╔══
Definition Pf {E : Type} (enum : nat -> option E) (P : R -> E -> E -> R)
  (f : E -> R) (t : R) (g : E -> R) (i : E) : R :=
  / f i * ssum enum (fun j => P t i j * (f j * g j)).

Definition pif {E : Type} (enum : nat -> option E) (pi f g : E -> R) (i : E) : R :=
  / f i * ssum enum (fun j => pi j * f j * g j).

(* Exponential L^2(nu) convergence of P^f_t with rate sigma:
   ||P^f_t g - pi^f(g)||_{L2(nu)} <= ||g - pi^f(g)||_{L2(nu)} e^{-sigma t},
   written with squared norms (sums of nonnegative terms in [0,+oo]). *)
Definition L2_rate {E : Type} (enum : nat -> option E)
  (P : R -> E -> E -> R) (pi f : E -> R) (sigma : R) : Prop :=
  0 < sigma /\ forall t g, 0 <= t -> in_L2 enum pi f g ->
    forall c, sum_le enum (fun i => nu pi f i * (g i - pif enum pi f g i) ^ 2) c ->
      sum_le enum
        (fun i => nu pi f i * (Pf enum P f t g i - pif enum pi f g i) ^ 2)
        (c * exp (- sigma * t) ^ 2).

Definition L2_exp_conv {E : Type} (enum : nat -> option E)
  (P : R -> E -> E -> R) (pi f : E -> R) : Prop :=
  exists sigma, L2_rate enum P pi f sigma.

From Stdlib Require Import Reals Lra Lia Classical ClassicalEpsilon.
Open Scope R_scope.

(* Put [h = f g]. The [nu]-norm of [P^f_t g - pi^f(g)] is the [pi]-norm of [P_t h - pi(h)], so
   exponential L^2(nu) convergence is an L^2(pi) variance decay for the functions [h] with
   [pi(h^2) < oo].

   f-ergodicity with rate [eps] makes the covariance [c(r) = <h - pi(h), P_r h - pi(h)>_pi] decay
   like [K e^(-eps r)]. By reversibility and Chapman-Kolmogorov, [c(2t)] is the variance of [P_t h],
   and Cauchy-Schwarz gives [c(s)^2 <= c(0) c(2s)]; this log-convexity replaces [K] by
   [c(0) = Var_pi(h)], i.e. L^2 decay with the same rate. Conversely, the L^2 bound for
   [g = 1_{i0} / (pi f)(i0)] controls [sum_j (P_t(i0,j) - pi_j)^2 / pi_j], and AM-GM with weight
   [e^(-sigma t)], together with [pi(f^2) < oo], turns it into the f-norm bound at rate [sigma].
   Both implications keep the rate, so the two sets of rates, and their suprema, coincide.
   Sums over [E] are handled by truncating [h] to finitely many states and letting the truncation
   grow. *)

Lemma Un_cv_const c : Un_cv (fun _ => c) c.
Proof. intros eps Heps; exists O; intros n _; unfold Rdist; rewrite Rminus_diag, Rabs_R0; exact Heps. Qed.

Lemma CV_sq (u : nat -> R) l : Un_cv u l -> Un_cv (fun n => u n ^ 2) (l ^ 2).
Proof.
  intros H; replace (l ^ 2) with (l * l) by ring.
  eapply Un_cv_ext; [|apply (CV_mult _ _ _ _ H H)]; intros n; cbv beta; ring.
Qed.

Lemma quadratic_ge0_discriminant A B x :
  0 <= B -> (forall l, 0 <= A + 2 * l * x + l ^ 2 * B) -> x ^ 2 <= A * B.
Proof.
  intros HB H.
  destruct (Req_dec B 0) as [->|HB0].
  - destruct (Req_dec x 0) as [->|Hx]; [lra|].
    specialize (H (- (A + 1) / (2 * x))).
    replace (A + 2 * (- (A + 1) / (2 * x)) * x + (- (A + 1) / (2 * x)) ^ 2 * 0) with (-1)
      in H by (field; exact Hx); lra.
  - specialize (H (- x / B)).
    replace (A + 2 * (- x / B) * x + (- x / B) ^ 2 * B) with (A - x ^ 2 / B) in H
      by (field; exact HB0).
    apply Rmult_le_compat_r with (r := B) in H; [|exact HB].
    unfold Rdiv in H; rewrite Rmult_minus_distr_r, Rmult_assoc, Rinv_l in H by exact HB0; lra.
Qed.

Lemma Rabs_le_half_sq (x : R) : Rabs x <= (1 + x ^ 2) / 2.
Proof.
  pose proof (pow2_ge_0 (x - 1)); pose proof (pow2_ge_0 (x + 1)).
  unfold Rabs; destruct (Rcase_abs x); nra.
Qed.

Lemma mul_abs_le_amgm (x d p l : R) :
  0 < p -> 0 < l -> x * Rabs d <= (l * (p * x ^ 2) + / l * (d ^ 2 / p)) / 2.
Proof.
  intros Hp Hl; apply Rmult_le_reg_r with (2 * l * p); [nra|].
  replace ((l * (p * x ^ 2) + / l * (d ^ 2 / p)) / 2 * (2 * l * p))
    with ((l * p * x) ^ 2 + Rabs d ^ 2) by (rewrite pow2_abs; field; lra).
  pose proof (pow2_ge_0 (l * p * x - Rabs d)); nra.
Qed.

(* [a (2^n t) >= (a t)^(2^n)], which is unbounded when [a t > 1]. *)
Lemma le_1_of_sq_le_dilate (a : R -> R) (B t : R) :
  0 <= t ->
  (forall s, 0 <= s -> 0 <= a s) ->
  (forall s, 0 <= s -> a s ^ 2 <= a (2 * s)) ->
  (forall s, 0 <= s -> a s <= B) ->
  a t <= 1.
Proof.
  intros Ht Ha0 Ha_sq Ha_bd.
  assert (Ha_pow : forall n, a t ^ (2 ^ n) <= a (2 ^ n * t)).
  { induction n as [|n IH]; [simpl; rewrite Rmult_1_l, Rmult_1_r; lra|].
    rewrite Nat.pow_succ_r', Nat.mul_comm, pow_mult.
    replace (2 ^ S n * t) with (2 * (2 ^ n * t)) by (simpl; ring).
    pose proof (pow_le _ (2 ^ n) (Ha0 t Ht)); pose proof (pow_le 2 n ltac:(lra)).
    eapply Rle_trans; [|apply Ha_sq; nra].
    apply pow_incr; lra. }
  apply Rnot_lt_le; intros Hgt.
  destruct (Pow_x_infinity (a t) ltac:(rewrite Rabs_right; lra) (B + 1)) as [N HN].
  specialize (HN (2 ^ N)%nat (Nat.lt_le_incl _ _ (Nat.pow_gt_lin_r 2 N ltac:(lia)))).
  rewrite Rabs_right in HN by (apply Rle_ge, pow_le; lra).
  pose proof (Ha_pow N); pose proof (pow_le 2 N ltac:(lra)).
  pose proof (Ha_bd (2 ^ N * t) ltac:(nra)); lra.
Qed.

Lemma decay_of_sq_le (q : R -> R) (A K eps t : R) :
  0 <= A -> 0 <= t ->
  (forall s, 0 <= s -> 0 <= q s) ->
  (forall s, 0 <= s -> q s ^ 2 <= A * q (2 * s)) ->
  (forall s, 0 <= s -> q s <= K * exp (- eps * s)) ->
  q t <= A * exp (- eps * t).
Proof.
  intros HA Ht Hq Hsq HK.
  destruct (Req_dec A 0) as [->|HA0].
  { specialize (Hsq t Ht); specialize (Hq t Ht); nra. }
  set (a s := q s * exp (eps * s) / A).
  assert (Hexp : forall s, exp (eps * s) * exp (- eps * s) = 1).
  { intros s; rewrite <- exp_plus, <- exp_0; f_equal; ring. }
  assert (Hat : a t <= 1).
  { apply (le_1_of_sq_le_dilate a (K / A) t Ht).
    - intros s Hs; unfold a, Rdiv; apply Rmult_le_pos; [apply Rmult_le_pos|].
      + apply Hq, Hs.
      + left; apply exp_pos.
      + left; apply Rinv_0_lt_compat; lra.
    - intros s Hs; unfold a.
      replace (exp (eps * (2 * s))) with (exp (eps * s) ^ 2)
        by (simpl; rewrite Rmult_1_r, <- exp_plus; f_equal; ring).
      pose proof (Hsq s Hs); pose proof (exp_pos (eps * s)).
      apply Rmult_le_reg_r with (A ^ 2); [nra|].
      replace ((q s * exp (eps * s) / A) ^ 2 * A ^ 2) with (q s ^ 2 * exp (eps * s) ^ 2)
        by (field; exact HA0).
      replace (q (2 * s) * exp (eps * s) ^ 2 / A * A ^ 2)
        with (A * q (2 * s) * exp (eps * s) ^ 2) by (field; exact HA0).
      apply Rmult_le_compat_r; [apply pow2_ge_0|exact H].
    - intros s Hs; unfold a, Rdiv; apply Rmult_le_compat_r; [left; apply Rinv_0_lt_compat; lra|].
      pose proof (HK s Hs); pose proof (exp_pos (eps * s)).
      replace K with (K * exp (- eps * s) * exp (eps * s))
        by (rewrite Rmult_assoc, Rmult_comm with (r1 := exp (- eps * s)), Hexp; ring).
      apply Rmult_le_compat_r; lra. }
  replace (q t) with (a t * A * exp (- eps * t))
    by (unfold a; field_simplify; [rewrite Rmult_assoc, Hexp; ring|exact HA0]).
  rewrite <- (Rmult_1_l (A * exp (- eps * t))), Rmult_assoc.
  apply Rmult_le_compat_r; [apply Rmult_le_pos; [lra|left; apply exp_pos]|exact Hat].
Qed.

Definition psum {E : Type} (enum : nat -> option E) (n : nat) (F : E -> R) : R :=
  sum_f_R0 (lift enum F) n.

Section Series.
Context {E : Type} {enum : nat -> option E}.
Implicit Types (F G : E -> R).

Lemma lift_ext F G : (forall x, F x = G x) -> forall n, lift enum F n = lift enum G n.
Proof. intros H n; unfold lift; destruct (enum n); auto. Qed.

Lemma lift_ge0 F : (forall x, 0 <= F x) -> forall n, 0 <= lift enum F n.
Proof. intros H n; unfold lift; destruct (enum n); auto; lra. Qed.

Lemma psum_ext n F G : (forall x, F x = G x) -> psum enum n F = psum enum n G.
Proof. intros H; apply sum_eq; intros; apply lift_ext; auto. Qed.

Lemma psumD n F G : psum enum n (fun x => F x + G x) = psum enum n F + psum enum n G.
Proof.
  unfold psum; rewrite <- plus_sum; apply sum_eq; intros k _.
  unfold lift; destruct (enum k); lra.
Qed.

Lemma psumZ n c F : psum enum n (fun x => c * F x) = c * psum enum n F.
Proof.
  unfold psum; rewrite scal_sum; apply sum_eq; intros k _.
  unfold lift; destruct (enum k); lra.
Qed.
╚══
** What you will do **
Reproduce exactly, and with no other material, the lines between those holding "Open Scope R_scope." and "like [K e^(-eps", inclusive.

** Result of the exercise **
Open Scope R_scope.

(* Put [h = f g]. The [nu]-norm of [P^f_t g - pi^f(g)] is the [pi]-norm of [P_t h - pi(h)], so
   exponential L^2(nu) convergence is an L^2(pi) variance decay for the functions [h] with
   [pi(h^2) < oo].

   f-ergodicity with rate [eps] makes the covariance [c(r) = <h - pi(h), P_r h - pi(h)>_pi] decay
   like [K e^(-eps r)]. By reversibility and Chapman-Kolmogorov, [c(2t)] is the variance of [P_t h],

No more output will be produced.